For the past few days I’ve been struggling with my lower antidepressant dose which hasn’t helped with the way I view myself or my pain. I’ve been pretty much beating myself up, and things haven’t been going the way I planned, and it’s all added up into this huge bubble of anger at myself, which has been, in part taken out on my sister, without me meaning to. It culminated in a pretty intense scene last night where I sobbed my eyes out, decided to titrate my dose back up, and speak to the doctor when I get home. But my sister and I talked about it. We discussed what was going on, and now we both understand each other a little clearer. Today for me, as a result of that chat, and adjusting my meds, has been hugely different.

Here are the things we discussed tonight, further to that conversation last night, things that may or may not be helpful as a checklist of sorts to remind myself of and that may be applicable for others:

  • Keep in touch with my pain – what sort of pain level am I in when I wake up? It’s going to have a relationship to what I can do for the rest of that day. What sort of pain am I in when I go to bed at night? That’s going to have a bearing on my sleep and if I need to adjust my pain killers that night, or take one of the dreaded sleeping tablets the doctor has given me, which can leave me feeling like a zombie for the next few days.
  • Is it a walking sticks or a wheelchair kind of day? – this tends to be based on what is being done that day, where I am, what sort of transport is being used, if it’s possible to use the chair, and if I can get away without it. Currently I’m in London, and I have to say, TfL (Transport for London) have a lot to do to make their system fully accessible for wheelchairs, so if I can I’ll use my sticks, but that also means working out just how much walking I can do that day.

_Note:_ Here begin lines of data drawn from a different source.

(* Let $\sigma\in\{1,-1\}$, $n\ge 2$, $m_1,\dots,m_n>0$, $M=\sum_{j=1}^n m_j$, and let $q_k(t)=p(t+k)$, $k=1,\dots,n$, be an equally spaced choreographic solution, with $p$ of period $n$, of $$\ddot q_k=\sum_{j=1,\,j\neq k}^{n}\frac{m_j\big(q_j-\sigma(q_k\odot q_j)q_k\big)}{\big(\sigma-\sigma(q_k\odot q_j)^2\big)^{3/2}}-\sigma(\dot q_k\odot\dot q_k)q_k,\qquad k\in\{1,\dots,n\}.$$ Then for all $k\in\{1,\dots,n\}$ and all $t$, $$0=\sum_{j=1}^{n-1}\frac{\left(m_{j+k}-\frac Mn\right)\Big(p(t+j)-\sigma\big(p(t+j)\odot p(t)\big)p(t)\Big)}{\Big(\sigma-\sigma\big(p(t+j)\odot p(t)\big)^2\Big)^{3/2}}.$$
   Context: $\mathbb{M}^2_\sigma=\{(x_1,x_2,x_3)\in\mathbb{R}^3: x_1^2+x_2^2+\sigma x_3^2=\sigma\}$ and $x\odot y=x_1y_1+x_2y_2+\sigma x_3y_3$; $p:\mathbb{R}\to\mathbb{M}^2_\sigma$ is twice continuously differentiable. Masses are indexed cyclically: $m_{k+Kn}=m_k$ for $k\in\{1,\dots,n\}$, $K\in\mathbb{Z}$. (Equal spacing has been normalized so that $h_{k+1}-h_k=1$ and the period of $p$ is $n$.) *)

From Stdlib Require Import Reals List Arith.
From Coquelicot Require Import Coquelicot.
Import ListNotations.
Open Scope R_scope.

Definition V3 : Type := (R * R * R)%type.
Definition c1 (x : V3) : R := fst (fst x).
Definition c2 (x : V3) : R := snd (fst x).
Definition c3 (x : V3) : R := snd x.
Definition vmk (a b c : R) : V3 := (a, b, c).
Definition vzero : V3 := vmk 0 0 0.
Definition vadd (x y : V3) : V3 := vmk (c1 x + c1 y) (c2 x + c2 y) (c3 x + c3 y).
Definition vscale (a : R) (x : V3) : V3 := vmk (a * c1 x) (a * c2 x) (a * c3 x).
Definition vsub (x y : V3) : V3 := vadd x (vscale (-1) y).

Definition odot (sigma : R) (x y : V3) : R :=
  c1 x * c1 y + c2 x * c2 y + sigma * c3 x * c3 y.

Definition on_M2 (sigma : R) (x : V3) : Prop :=
  c1 x ^ 2 + c2 x ^ 2 + sigma * c3 x ^ 2 = sigma.

(* \sum_{j = lo}^{lo+cnt-1} f j, for vectors and reals *)
Definition vsum (f : nat -> V3) (lo cnt : nat) : V3 :=
  fold_right (fun j acc => vadd (f j) acc) vzero (seq lo cnt).
Definition rsum (f : nat -> R) (lo cnt : nat) : R :=
  fold_right (fun j acc => f j + acc) 0 (seq lo cnt).

Definition C2_scalar (f : R -> R) : Prop :=
  (forall t, ex_derive f t) /\
  (forall t, ex_derive (Derive f) t) /\
  (forall t, continuous (Derive (Derive f)) t).
Definition C2_curve (p : R -> V3) : Prop :=
  C2_scalar (fun s => c1 (p s)) /\ C2_scalar (fun s => c2 (p s)) /\
  C2_scalar (fun s => c3 (p s)).

Definition vel (q : R -> V3) (t : R) : V3 :=
  vmk (Derive (fun s => c1 (q s)) t) (Derive (fun s => c2 (q s)) t)
      (Derive (fun s => c3 (q s)) t).
Definition acc (q : R -> V3) (t : R) : V3 :=
  vmk (Derive (Derive (fun s => c1 (q s))) t)
      (Derive (Derive (fun s => c2 (q s))) t)
      (Derive (Derive (fun s => c3 (q s))) t).

(* the denominator  σ - σ (x ⊙ y)^2  (it is >= 0 on M^2_σ) *)
Definition den (sigma : R) (x y : V3) : R := sigma - sigma * (odot sigma x y) ^ 2.

Definition force (sigma : R) (x y : V3) : V3 :=
  vscale (/ (sqrt (den sigma x y)) ^ 3)
         (vsub y (vscale (sigma * odot sigma x y) x)).

Definition qk (p : R -> V3) (k : nat) : R -> V3 := fun t => p (t + INR k).

Definition is_solution (sigma : R) (n : nat) (m : nat -> R) (p : R -> V3) : Prop :=
  forall k, (1 <= k <= n)%nat -> forall t,
    acc (qk p k) t =
    vsub (vsum (fun j => if Nat.eqb j k then vzero
                         else vscale (m j) (force sigma (qk p k t) (qk p j t))) 1 n)
         (vscale (sigma * odot sigma (vel (qk p k) t) (vel (qk p k) t)) (qk p k t)).

(** Evaluating the equation of body [k] at time [t - k] puts [p t] in the
    place of [q_k]: the left-hand side [p''(t) + σ (p'(t) ⊙ p'(t)) p(t)] no
    longer depends on [k], while by periodicity the right-hand side becomes
    [S k = Σ_{i=1}^{n-1} m_{i+k} F_i] with [F_i] the force exerted by [p(t+i)]
    on [p(t)].  So [S k] is the same for every [k]; averaging over [k], each
    [F_i] collects the total mass [M], hence [S k = (M/n) Σ_i F_i]. *)

From Stdlib Require Import Reals Lia.
From Coquelicot Require Import Coquelicot.
(* Last, so that [c1] is the coordinate of [V3] and not the [C1_fun] field of Reals. *)
Open Scope R_scope.

Section FiniteSums.

Implicit Types (a b : nat -> R) (lo cnt n k : nat).

Lemma rsum_ext a b lo cnt :
  (forall j, (lo <= j < lo + cnt)%nat -> a j = b j) -> rsum a lo cnt = rsum b lo cnt.
Proof.
  revert lo; induction cnt as [|cnt IH]; intros lo Hab; [reflexivity|].
  change (a lo + rsum a (S lo) cnt = b lo + rsum b (S lo) cnt).
  rewrite Hab by lia; rewrite IH; [reflexivity|].
  intros; apply Hab; lia.
Qed.

Lemma rsum_plus a b lo cnt :
  rsum (fun j => a j + b j) lo cnt = rsum a lo cnt + rsum b lo cnt.
Proof.
  revert lo; induction cnt as [|cnt IH]; intros lo; cbn -[Rplus]; [ring|].
  unfold rsum in IH; rewrite IH; ring.
Qed.

Lemma rsum_scal_l c a lo cnt : rsum (fun j => c * a j) lo cnt = c * rsum a lo cnt.
Proof.
  revert lo; induction cnt as [|cnt IH]; intros lo; cbn -[Rplus Rmult]; [ring|].
  unfold rsum in IH; rewrite IH; ring.
Qed.

Lemma rsum_scal_r c a lo cnt : rsum (fun j => a j * c) lo cnt = rsum a lo cnt * c.
Proof.
  rewrite Rmult_comm, <- rsum_scal_l; apply rsum_ext; intros; ring.
Qed.

Lemma rsum_const c lo cnt : rsum (fun _ => c) lo cnt = INR cnt * c.
Proof.
  revert lo; induction cnt as [|cnt IH]; intros lo; [unfold rsum; simpl; ring|].
  change (c + rsum (fun _ => c) (S lo) cnt = INR (S cnt) * c).
  rewrite IH, S_INR; ring.
Qed.

Lemma rsum_comm (g : nat -> nat -> R) lo1 cnt1 lo2 cnt2 :
  rsum (fun k => rsum (fun i => g k i) lo2 cnt2) lo1 cnt1
  = rsum (fun i => rsum (fun k => g k i) lo1 cnt1) lo2 cnt2.
Proof.
  revert lo1; induction cnt1 as [|cnt1 IH]; intros lo1.
  - cbn; rewrite rsum_const; ring.
  - change (rsum (fun i => g lo1 i) lo2 cnt2
            + rsum (fun k => rsum (fun i => g k i) lo2 cnt2) (S lo1) cnt1
            = rsum (fun i => g lo1 i + rsum (fun k => g k i) (S lo1) cnt1) lo2 cnt2).
    rewrite IH, rsum_plus; reflexivity.
Qed.

Lemma rsum_shift a c lo cnt : rsum (fun j => a (j + c)%nat) lo cnt = rsum a (lo + c) cnt.
Proof.
  revert lo; induction cnt as [|cnt IH]; intros lo; [reflexivity|].
  change (a (lo + c)%nat + rsum (fun j => a (j + c)%nat) (S lo) cnt
          = a (lo + c)%nat + rsum a (S (lo + c)) cnt).
  rewrite IH; reflexivity.
Qed.

Lemma rsum_Sr a lo cnt : rsum a lo (S cnt) = rsum a lo cnt + a (lo + cnt)%nat.
Proof.
  revert lo; induction cnt as [|cnt IH]; intros lo.
  - cbn -[Rplus]; rewrite Nat.add_0_r; ring.
  - change (a lo + rsum a (S lo) (S cnt) = a lo + rsum a (S lo) cnt + a (lo + S cnt)%nat).
    rewrite IH, Nat.add_succ_comm; ring.
Qed.

Lemma rsum_periodic a cnt lo c :
  (forall j, a (j + cnt)%nat = a j) -> rsum a (lo + c) cnt = rsum a lo cnt.
Proof.
  intros Ha; induction c as [|c IH]; [now rewrite Nat.add_0_r|].
  rewrite <- IH, Nat.add_succ_r; destruct cnt as [|cnt]; [reflexivity|].
  rewrite rsum_Sr.
  change (rsum a (S (lo + c)) cnt + a (S (lo + c) + cnt)%nat
          = a (lo + c)%nat + rsum a (S (lo + c)) cnt).
  rewrite Nat.add_succ_comm, Ha; ring.
Qed.

Lemma rsum_periodic_window a n i :
  (forall j, a (j + n)%nat = a j) -> rsum (fun j => a (j + i)%nat) 1 n = rsum a 1 n.
Proof. intros Ha; rewrite rsum_shift; exact (rsum_periodic a n 1 i Ha). Qed.

Lemma rsum_skip a k lo cnt :
  (lo <= k < lo + cnt)%nat ->
  rsum (fun j => if Nat.eqb j k then 0 else a j) lo cnt = rsum a lo cnt - a k.
Proof.
  revert lo; induction cnt as [|cnt IH]; intros lo Hk; [lia|].
  change ((if Nat.eqb lo k then 0 else a lo)
          + rsum (fun j => if Nat.eqb j k then 0 else a j) (S lo) cnt
          = a lo + rsum a (S lo) cnt - a k).
  destruct (Nat.eqb_spec lo k) as [<-|Hlo].
  - rewrite (rsum_ext _ a) by (intros j Hj; destruct (Nat.eqb_spec j lo); [lia | reflexivity]).
    ring.
  - rewrite IH by lia; ring.
Qed.

Lemma rsum_skip_periodic a n k :
  (1 <= k <= n)%nat -> (forall j, a (j + n)%nat = a j) ->
  rsum (fun j => if Nat.eqb j k then 0 else a j) 1 n
  = rsum (fun i => a (i + k)%nat) 1 (n - 1).
Proof.
  intros Hk Ha.
  rewrite rsum_skip by lia.
  rewrite <- (rsum_periodic a n 1 (k - 1) Ha), rsum_shift.
  replace (1 + (k - 1))%nat with k by lia.
  replace n with (S (n - 1)) at 1 by lia.
  change (a k + rsum a (S k) (n - 1) - a k = rsum a (S k) (n - 1)); ring.
Qed.

Lemma rsum_periodic_weights_mean w f n k lo cnt :
  (0 < n)%nat -> (forall i, w (i + n)%nat = w i) -> (1 <= k <= n)%nat ->
  (forall k', (1 <= k' <= n)%nat ->
     rsum (fun i => w (i + k')%nat * f i) lo cnt = rsum (fun i => w (i + k)%nat * f i) lo cnt) ->
  rsum (fun i => (w (i + k)%nat - rsum w 1 n / INR n) * f i) lo cnt = 0.
Proof.
  intros Hn Hw Hk Hinv.
  set (S := rsum (fun i => w (i + k)%nat * f i) lo cnt).
  assert (Hmean : INR n * S = rsum w 1 n * rsum f lo cnt).
  { rewrite <- (rsum_const S 1), <- rsum_scal_l.
    rewrite (rsum_ext _ (fun k' => rsum (fun i => w (i + k')%nat * f i) lo cnt))
      by (intros; symmetry; apply Hinv; lia).
    rewrite rsum_comm; apply rsum_ext; intros i _.
    rewrite rsum_scal_r, <- (rsum_periodic_window w n i Hw).
    f_equal; apply rsum_ext; intros; rewrite Nat.add_comm; reflexivity. }
  assert (HnR : INR n <> 0) by (apply not_0_INR; lia).
  rewrite (rsum_ext _ (fun i => w (i + k)%nat * f i + (- (rsum w 1 n / INR n)) * f i))
    by (intros; ring).
  rewrite rsum_plus, rsum_scal_l; fold S.
  apply (Rmult_eq_reg_l (INR n)); [|exact HnR].
  rewrite Rmult_plus_distr_l, Hmean; field; exact HnR.
Qed.

End FiniteSums.

Definition is_linear_form (phi : V3 -> R) : Prop :=
  (forall x y, phi (vadd x y) = phi x + phi y) /\ (forall a x, phi (vscale a x) = a * phi x).

Lemma linear_form_vzero phi : is_linear_form phi -> phi vzero = 0.
Proof.
  intros [_ Hscal].
  replace vzero with (vscale 0 vzero)
    by (unfold vscale, vzero, vmk, c1, c2, c3; cbn; rewrite Rmult_0_l; reflexivity).
  rewrite Hscal; ring.
Qed.

Lemma linear_form_vsub phi x y : is_linear_form phi -> phi (vsub x y) = phi x - phi y.
Proof. intros [Hadd Hscal]; unfold vsub; rewrite Hadd, Hscal; ring. Qed.

Lemma linear_form_vsum phi f lo cnt :
  is_linear_form phi -> phi (vsum f lo cnt) = rsum (fun j => phi (f j)) lo cnt.
Proof.
  intros Hphi; revert lo; induction cnt as [|cnt IH]; intros lo.
  - exact (linear_form_vzero phi Hphi).
  - change (phi (vadd (f lo) (vsum f (S lo) cnt)) = phi (f lo) + rsum (fun j => phi (f j)) (S lo) cnt).
    rewrite (proj1 Hphi), IH; reflexivity.
Qed.

Lemma c1_linear : is_linear_form c1. Proof. split; reflexivity. Qed.
Lemma c2_linear : is_linear_form c2. Proof. split; reflexivity. Qed.
Lemma c3_linear : is_linear_form c3. Proof. split; reflexivity. Qed.

Lemma V3_components_eq (x y : V3) : c1 x = c1 y -> c2 x = c2 y -> c3 x = c3 y -> x = y.
Proof. destruct x as [[? ?] ?], y as [[? ?] ?]; cbn; intros -> -> ->; reflexivity. Qed.

Lemma vel_shift p a t : vel (fun s => p (s + a)) t = vel p (t + a).
Proof.
  unfold vel; f_equal.
  - exact (Derive_n_comp_trans (fun s => c1 (p s)) 1 t a).
  - exact (Derive_n_comp_trans (fun s => c2 (p s)) 1 t a).
  - exact (Derive_n_comp_trans (fun s => c3 (p s)) 1 t a).
Qed.

Lemma acc_shift p a t : acc (fun s => p (s + a)) t = acc p (t + a).
Proof.
  unfold acc; f_equal.
  - exact (Derive_n_comp_trans (fun s => c1 (p s)) 2 t a).
  - exact (Derive_n_comp_trans (fun s => c2 (p s)) 2 t a).
  - exact (Derive_n_comp_trans (fun s => c3 (p s)) 2 t a).
Qed.

Lemma choreography_force_sum_invariant sigma n m p phi k t :
  is_solution sigma n m p -> (forall i, m (i + n)%nat = m i) ->
  (forall s, p (s + INR n) = p s) -> is_linear_form phi -> (1 <= k <= n)%nat ->
  rsum (fun i => m (i + k)%nat * phi (force sigma (p t) (p (t + INR i)))) 1 (n - 1)
  = phi (acc p t) + sigma * odot sigma (vel p t) (vel p t) * phi (p t).
Proof.
  intros Hsol Hm Hp Hphi Hk.
  set (a := fun j => m j * phi (force sigma (p t) (p (t - INR k + INR j)))).
  assert (Ha : forall j, a (j + n)%nat = a j).
  { intros j; unfold a; rewrite Hm, plus_INR, <- Rplus_assoc, Hp; reflexivity. }
  pose proof (Hsol k Hk (t - INR k)) as E; unfold qk in E.
  rewrite acc_shift, vel_shift in E.
  replace (t - INR k + INR k) with t in E by ring.
  apply (f_equal phi) in E.
  rewrite linear_form_vsub, linear_form_vsum, (proj2 Hphi) in E by exact Hphi.
  rewrite (rsum_ext _ (fun j => if Nat.eqb j k then 0 else a j)) in E.
  2:{ intros j _; destruct (Nat.eqb j k);
      [apply linear_form_vzero | apply (proj2 Hphi)]; exact Hphi. }
  rewrite rsum_skip_periodic in E by assumption.
  rewrite E, <- rsum_ext with (a := fun i => a (i + k)%nat); [ring|].
  intros i _; unfold a; rewrite plus_INR.
  replace (t - INR k + (INR i + INR k)) with (t + INR i) by ring; reflexivity.
Qed.

Theorem lemma3 (sigma : R) (n : nat) (m : nat -> R) (p : R -> V3) :
  (sigma = 1 \/ sigma = -1) ->
  (2 <= n)%nat ->
  (forall i, (1 <= i <= n)%nat -> 0 < m i) ->
  (* cyclic indexing of the masses: m_{k + K n} = m_k *)
  (forall i, m (i + n)%nat = m i) ->
  C2_curve p ->
  (forall t, on_M2 sigma (p t)) ->
  (forall t, p (t + INR n) = p t) ->
  (* no collisions: the denominators of the equations are nonzero *)
  (forall t j k, (1 <= j <= n)%nat -> (1 <= k <= n)%nat -> j <> k ->
     den sigma (qk p k t) (qk p j t) <> 0) ->
  is_solution sigma n m p ->
  let M := rsum m 1 n in
  forall k, (1 <= k <= n)%nat -> forall t,
    vsum (fun j => vscale (m (j + k)%nat - M / INR n) (force sigma (p t) (p (t + INR j))))
         1 (n - 1) = vzero.
Proof.
  intros _ Hn _ Hm _ _ Hp _ Hsol M k Hk t.
  assert (Hcomp : forall phi, is_linear_form phi ->
    phi (vsum (fun j => vscale (m (j + k)%nat - M / INR n) (force sigma (p t) (p (t + INR j))))
              1 (n - 1)) = 0).
  { intros phi Hphi.
    rewrite linear_form_vsum by exact Hphi.
    rewrite (rsum_ext _ (fun j => (m (j + k)%nat - M / INR n)
                                  * phi (force sigma (p t) (p (t + INR j)))))
      by (intros; apply (proj2 Hphi)).
    apply rsum_periodic_weights_mean; [lia | exact Hm | exact Hk |].
    intros k' Hk'.
    rewrite !(choreography_force_sum_invariant sigma n m p phi) by assumption.
    reflexivity. }
  apply V3_components_eq; apply Hcomp.
  - exact c1_linear.
  - exact c2_linear.
  - exact c3_linear.
Qed.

Some places, like the museums, have wheelchairs that can be borrowed, and may be available on the day when you turn up, but if you’re going at a peek time it’s important to book one. More on that in another blog post though. Today I was sat writing my novel, so that means it’s a walking stick day, and a huge shout out to CitizenM Tower of London Hotel whose lobby I’ve been using to write in because it’s a fab atmosphere with an amazing cup of coffee.
  • Stop being so hard on myself – This one came from my sister. I need to stop being so hard on myself. In the week since we arrived in London, I’ve walked about ten miles on my sticks. It’s hurt, and I know that once I’m back home in West Yorkshire, I’ll probably need a recovery period, but I’ve done it. When I’m here I want to do it. I pace myself better, and I’m better able to do it. I’m motivated here because it’s warmer than up North, and that in itself helps to stabilise my pain levels.
  • I am not a burden – so many of us in the chronic pain family the world over feel this way. But my sister reminded me today that just because I feel it does’t mean I am. If I can’t do something, there’s no shame in it. I may be stubborn but I shouldn’t be so stubborn as to cause myself more damage, and my sister wouldn’t be here with me, helping me, if she didn’t want to be.
  • Chronic pain doesn’t mean the end of life – it means making adjustments to life. It becomes a new chapter in your life. I still don’t have right pain meds, and I am still playing with my C-PTSD ones to get the right dosages, but actually, when I’m calm and able to think without the various demons screaming and yowling inside my head, I can honestly say that this life of mine isn’t the worst one it could be. Actually it’s pretty damn good. And I still get to do a lot of what want I want, just as long as I remember to pace myself.
  • I am loved – I have some pretty awesome people in my life who would literally jump in front of a speeding bullet for me in a heartbeat, eve when I feel I don’t deserve it. And that in its own right is epic. I’m loved right to my very core. And yes the past few days have been extremely tough, the past few weeks and months even more so. There have been things going on that I can’t share because of various reasons, but let me just say that I’ve been reminded in the past few days I’m loved and very much wanted in this world, even when I feel like I’m not needed.
  • Today was a struggle, tomorrow may be too, but it doesn’t mean there aren’t happy days in the future – Each crappy day has its drawbacks. Each pain filled exhausting day where nothing seems to go right also has something good in it, even if it’s one tiny little thing like having a cup of tea. And even though those days might seem to roll into each other and the negative be the thing that draws your attention, in a few days, a week, a month, or even a year, there will be a day, or even a good few days in a row, where you will know that it’s all been worth it. Don’t give up. Try and look for the tiny good in each day, because the tiny good can make the bigger good seem that bit closer and make you feel that less exhausted.
  • Keep on self-advocating and taking those who care along for the ride – if the doctors aren’t listening, make them listen. Repeat yourself. Get your loved ones to go with you and repeat what has already been said. Get a second opinion, get a third opinion, keep getting an opinion until someone listens to you. YOU are the best judge of what’s going on in your own body. And if they don’t give you that appointment you were referred for, chase it up, keep chasing it up, and keep demanding it. Don’t take no for an answer. And this goes for other things like dealing with the people who decide on the benefits you receive as well. Get the back up from local agencies who can help you and support you through it. Appeal, appeal, appeal.
  • Don’t give up – you’ve got this far. You’re not self-harming any more, you’re not drinking yourself into oblivion, your eating disorders are in remission. Why are these all so important? Because it proves that you can do it. You’re in more physical and emotional pain now than you have been combined throughout your life and you’re doing it. You’re doing it without those crutches. Look at you. Look at how far you’ve come. Keep talking it out. Keep pushing yourself to say it. Keep saying it. And don’t give up.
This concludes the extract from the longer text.